**WHAT TO WORK ON**
Pick out every line of the entries below where "celly" occurs, and copy those lines.
INFORMATION PROVIDED START
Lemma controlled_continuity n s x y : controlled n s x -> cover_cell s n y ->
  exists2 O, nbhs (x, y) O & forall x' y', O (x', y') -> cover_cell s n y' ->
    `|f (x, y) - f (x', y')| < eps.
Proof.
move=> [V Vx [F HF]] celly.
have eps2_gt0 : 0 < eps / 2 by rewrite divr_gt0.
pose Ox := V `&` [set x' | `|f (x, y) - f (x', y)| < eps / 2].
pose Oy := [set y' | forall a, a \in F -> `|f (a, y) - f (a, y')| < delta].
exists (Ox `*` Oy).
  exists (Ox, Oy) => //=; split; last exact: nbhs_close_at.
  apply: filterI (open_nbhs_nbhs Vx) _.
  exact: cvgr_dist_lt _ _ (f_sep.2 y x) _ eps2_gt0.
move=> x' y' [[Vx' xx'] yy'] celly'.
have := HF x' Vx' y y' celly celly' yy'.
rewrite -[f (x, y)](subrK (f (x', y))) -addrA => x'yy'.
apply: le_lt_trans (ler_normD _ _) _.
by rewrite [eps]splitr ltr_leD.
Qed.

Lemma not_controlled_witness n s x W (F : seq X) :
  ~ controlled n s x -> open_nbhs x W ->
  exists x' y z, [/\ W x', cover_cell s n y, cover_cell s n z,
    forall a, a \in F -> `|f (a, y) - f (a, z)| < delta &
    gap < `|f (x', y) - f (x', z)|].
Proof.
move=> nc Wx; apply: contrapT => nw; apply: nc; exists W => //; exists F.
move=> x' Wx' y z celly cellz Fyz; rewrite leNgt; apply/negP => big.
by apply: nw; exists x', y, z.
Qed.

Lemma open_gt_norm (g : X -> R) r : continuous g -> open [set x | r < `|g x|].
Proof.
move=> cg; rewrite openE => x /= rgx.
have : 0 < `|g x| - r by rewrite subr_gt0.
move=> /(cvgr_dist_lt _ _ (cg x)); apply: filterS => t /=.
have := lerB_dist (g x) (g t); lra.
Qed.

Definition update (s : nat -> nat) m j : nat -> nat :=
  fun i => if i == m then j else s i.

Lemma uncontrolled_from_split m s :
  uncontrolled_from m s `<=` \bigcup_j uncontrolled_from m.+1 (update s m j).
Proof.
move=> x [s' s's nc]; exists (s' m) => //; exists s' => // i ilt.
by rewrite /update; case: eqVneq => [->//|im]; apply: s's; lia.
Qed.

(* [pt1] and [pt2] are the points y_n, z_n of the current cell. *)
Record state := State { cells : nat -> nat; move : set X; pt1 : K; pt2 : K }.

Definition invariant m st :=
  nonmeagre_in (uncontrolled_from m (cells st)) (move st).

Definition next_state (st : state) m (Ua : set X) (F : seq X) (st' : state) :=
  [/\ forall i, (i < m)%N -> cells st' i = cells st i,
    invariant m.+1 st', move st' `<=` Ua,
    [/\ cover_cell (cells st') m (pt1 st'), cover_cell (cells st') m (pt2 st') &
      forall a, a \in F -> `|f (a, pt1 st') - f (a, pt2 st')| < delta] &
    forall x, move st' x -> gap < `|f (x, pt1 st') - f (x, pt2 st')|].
INFORMATION PROVIDED END
**WRITTEN SOLUTION**
move=> [V Vx [F HF]] celly.
move=> x' y' [[Vx' xx'] yy'] celly'.
have := HF x' Vx' y y' celly celly' yy'.
move=> x' Wx' y z celly cellz Fyz; rewrite leNgt; apply/negP => big.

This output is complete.